_PROBLEM STATEMENT_
Produce the same data once more, line for line.

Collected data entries
BEGIN

Lemma coprod_a i j : teq (DK (a i j)) [seq (a i s, a s j) | s <- enum 'I_n].
Proof.
have DK_tlin : tlinear DK by case: hK => -[].
have [_ _ _ coassoc _] := hrho.
move=> W b hb; rewrite big_map big_enum /=.
pose tau u v w := coord i u *: b v w.
have htau : trilin tau.
  split; [|split] => [v w|u w|u v]; first exact: lin_map_scalel.
    exact: lin_map_scaler (hb.1 w).
  exact: lin_map_scaler (hb.2 v).
have lhs : \sum_(p <- rho (x j)) \sum_(q <- rho p.1) tau q.1 q.2 p.2 =
           \sum_(s < n) b (a i s) (a s j).
  rewrite (sum_rho_x (b := fun u v => \sum_(q <- rho u) tau q.1 q.2 v)); last first.
    split=> [v|u]; last by apply: lin_map_sumf => q; exact: lin_map_scaler (hb.2 _).
    apply: (tlinear_sum (b := fun u' w => tau u' w v)) rho_tlinear _.
    by split=> [w|z]; [exact: lin_map_scalel | exact: lin_map_scaler (hb.1 v)].
  by apply: eq_bigr => s _; exact: (sum_rho_x_coord i s (hb.1 (a s j))).
have rhs : \sum_(p <- rho (x j)) \sum_(q <- DK p.2) tau p.1 q.1 q.2 =
           \sum_(q <- DK (a i j)) b q.1 q.2.
  rewrite -(sum_rho_x_coord i j (tlinear_sum DK_tlin hb)).
  by apply: eq_bigr => p _; rewrite scaler_sumr.
by have := coassoc (x j) W tau htau; rewrite !big_allpairs_dep /= lhs rhs.
Qed.

End Coordinates.

(* Apply u |-> (delta (x) id) (rho u) to the relation r_w, where delta realises d on A_2. *)
Lemma OAM_rel_a : OAM_rel c a.
Proof.
move=> w d hd; have [delta [hdelta delta_xx]] := quadalg_functional_exists hA hd.
have hb : bilin (fun (u : A) (v : K) => delta u *: v).
  by split=> [v|u]; [exact: lin_map_scalel | exact: lin_map_scale].
pose L u := \sum_(q <- rho u) delta q.1 *: q.2.
have hL : lin_map L := tlinear_sum rho_tlinear hb.
have L_xx i j : L (x i * x j) = \sum_(s < n) \sum_(t < n) d s t *: (a s i * a t j).
  rewrite /L (rhoM _ _ hb) (teq_mul (rho_x i) (rho_x j) hb).
  rewrite big_allpairs_dep big_map big_enum /=.
  by apply: eq_bigr => s _; rewrite big_map big_enum; apply: eq_bigr => t _; rewrite delta_xx.
rewrite -[RHS](lin_map0 hL) -(hA.1 w) (lin_map_sum hL); apply: eq_bigr => i _.
rewrite (lin_map_sum hL); apply: eq_bigr => j _; rewrite (lin_mapZ hL) L_xx.
rewrite scaler_sumr; apply: eq_bigr => s _.
by rewrite scaler_sumr; apply: eq_bigr => t _; rewrite scalerA.
Qed.
Definition leading (d : nat) (a : R) (g : R -> R) : Prop :=
  poly_lt d (fun t => g t - a * t ^ d).

Lemma leading_ext d a g g' : leading d a g -> (forall t, g t = g' t) -> leading d a g'.
Proof. intros H E; apply (poly_lt_ext _ _ _ H); intro; rewrite E; ring. Qed.

Lemma leading_poly_lt d a g : leading d a g -> poly_lt (S d) g.
Proof. intro H; apply (poly_lt_ext _ _ _ (poly_ltS d _ a H)); intro; ring. Qed.

Lemma poly_lt_leading d g : poly_lt (S d) g -> exists a, leading d a g.
Proof.
  intro Hg; inversion Hg as [|? g' a Hg']; subst; exists a.
  apply (poly_lt_ext _ _ _ Hg'); intro; ring.
Qed.

Lemma leading_add d a a' g g' :
  leading d a g -> leading d a' g' -> leading d (a + a') (fun t => g t + g' t).
Proof. intros H H'; apply (poly_lt_ext _ _ _ (poly_lt_lin _ _ _ 1 H H')); intro; ring. Qed.

Lemma leading_scal d a g c : leading d a g -> leading d (c * a) (fun t => c * g t).
Proof. intro H; apply (poly_lt_ext _ _ _ (poly_lt_scal _ _ c H)); intro; ring. Qed.

Lemma leading_mul_lin d a g r :
  leading d a g -> leading (S d) a (fun t => g t * (t - r)).
Proof.
  intro H.
  apply (poly_lt_ext _ _ _ (poly_lt_lin _ _ _ (- r) (poly_lt_mul_id _ _ H) (leading_poly_lt _ _ _ H))).
  intro; simpl; ring.
Qed.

END

_PROBLEM SOLUTION_
Lemma coprod_a i j : teq (DK (a i j)) [seq (a i s, a s j) | s <- enum 'I_n].
Proof.
have DK_tlin : tlinear DK by case: hK => -[].
have [_ _ _ coassoc _] := hrho.
move=> W b hb; rewrite big_map big_enum /=.
pose tau u v w := coord i u *: b v w.
have htau : trilin tau.
  split; [|split] => [v w|u w|u v]; first exact: lin_map_scalel.
    exact: lin_map_scaler (hb.1 w).
  exact: lin_map_scaler (hb.2 v).
have lhs : \sum_(p <- rho (x j)) \sum_(q <- rho p.1) tau q.1 q.2 p.2 =
           \sum_(s < n) b (a i s) (a s j).
  rewrite (sum_rho_x (b := fun u v => \sum_(q <- rho u) tau q.1 q.2 v)); last first.
    split=> [v|u]; last by apply: lin_map_sumf => q; exact: lin_map_scaler (hb.2 _).
    apply: (tlinear_sum (b := fun u' w => tau u' w v)) rho_tlinear _.
    by split=> [w|z]; [exact: lin_map_scalel | exact: lin_map_scaler (hb.1 v)].
  by apply: eq_bigr => s _; exact: (sum_rho_x_coord i s (hb.1 (a s j))).
have rhs : \sum_(p <- rho (x j)) \sum_(q <- DK p.2) tau p.1 q.1 q.2 =
           \sum_(q <- DK (a i j)) b q.1 q.2.
  rewrite -(sum_rho_x_coord i j (tlinear_sum DK_tlin hb)).
  by apply: eq_bigr => p _; rewrite scaler_sumr.
by have := coassoc (x j) W tau htau; rewrite !big_allpairs_dep /= lhs rhs.
Qed.

End Coordinates.

(* Apply u |-> (delta (x) id) (rho u) to the relation r_w, where delta realises d on A_2. *)
Lemma OAM_rel_a : OAM_rel c a.
Proof.
move=> w d hd; have [delta [hdelta delta_xx]] := quadalg_functional_exists hA hd.
have hb : bilin (fun (u : A) (v : K) => delta u *: v).
  by split=> [v|u]; [exact: lin_map_scalel | exact: lin_map_scale].
pose L u := \sum_(q <- rho u) delta q.1 *: q.2.
have hL : lin_map L := tlinear_sum rho_tlinear hb.
have L_xx i j : L (x i * x j) = \sum_(s < n) \sum_(t < n) d s t *: (a s i * a t j).
  rewrite /L (rhoM _ _ hb) (teq_mul (rho_x i) (rho_x j) hb).
  rewrite big_allpairs_dep big_map big_enum /=.
  by apply: eq_bigr => s _; rewrite big_map big_enum; apply: eq_bigr => t _; rewrite delta_xx.
rewrite -[RHS](lin_map0 hL) -(hA.1 w) (lin_map_sum hL); apply: eq_bigr => i _.
rewrite (lin_map_sum hL); apply: eq_bigr => j _; rewrite (lin_mapZ hL) L_xx.
rewrite scaler_sumr; apply: eq_bigr => s _.
by rewrite scaler_sumr; apply: eq_bigr => t _; rewrite scalerA.
Qed.
Definition leading (d : nat) (a : R) (g : R -> R) : Prop :=
  poly_lt d (fun t => g t - a * t ^ d).

Lemma leading_ext d a g g' : leading d a g -> (forall t, g t = g' t) -> leading d a g'.
Proof. intros H E; apply (poly_lt_ext _ _ _ H); intro; rewrite E; ring. Qed.

Lemma leading_poly_lt d a g : leading d a g -> poly_lt (S d) g.
Proof. intro H; apply (poly_lt_ext _ _ _ (poly_ltS d _ a H)); intro; ring. Qed.

Lemma poly_lt_leading d g : poly_lt (S d) g -> exists a, leading d a g.
Proof.
  intro Hg; inversion Hg as [|? g' a Hg']; subst; exists a.
  apply (poly_lt_ext _ _ _ Hg'); intro; ring.
Qed.

Lemma leading_add d a a' g g' :
  leading d a g -> leading d a' g' -> leading d (a + a') (fun t => g t + g' t).
Proof. intros H H'; apply (poly_lt_ext _ _ _ (poly_lt_lin _ _ _ 1 H H')); intro; ring. Qed.

Lemma leading_scal d a g c : leading d a g -> leading d (c * a) (fun t => c * g t).
Proof. intro H; apply (poly_lt_ext _ _ _ (poly_lt_scal _ _ c H)); intro; ring. Qed.

Lemma leading_mul_lin d a g r :
  leading d a g -> leading (S d) a (fun t => g t * (t - r)).
Proof.
  intro H.
  apply (poly_lt_ext _ _ _ (poly_lt_lin _ _ _ (- r) (poly_lt_mul_id _ _ H) (leading_poly_lt _ _ _ H))).
  intro; simpl; ring.
Qed.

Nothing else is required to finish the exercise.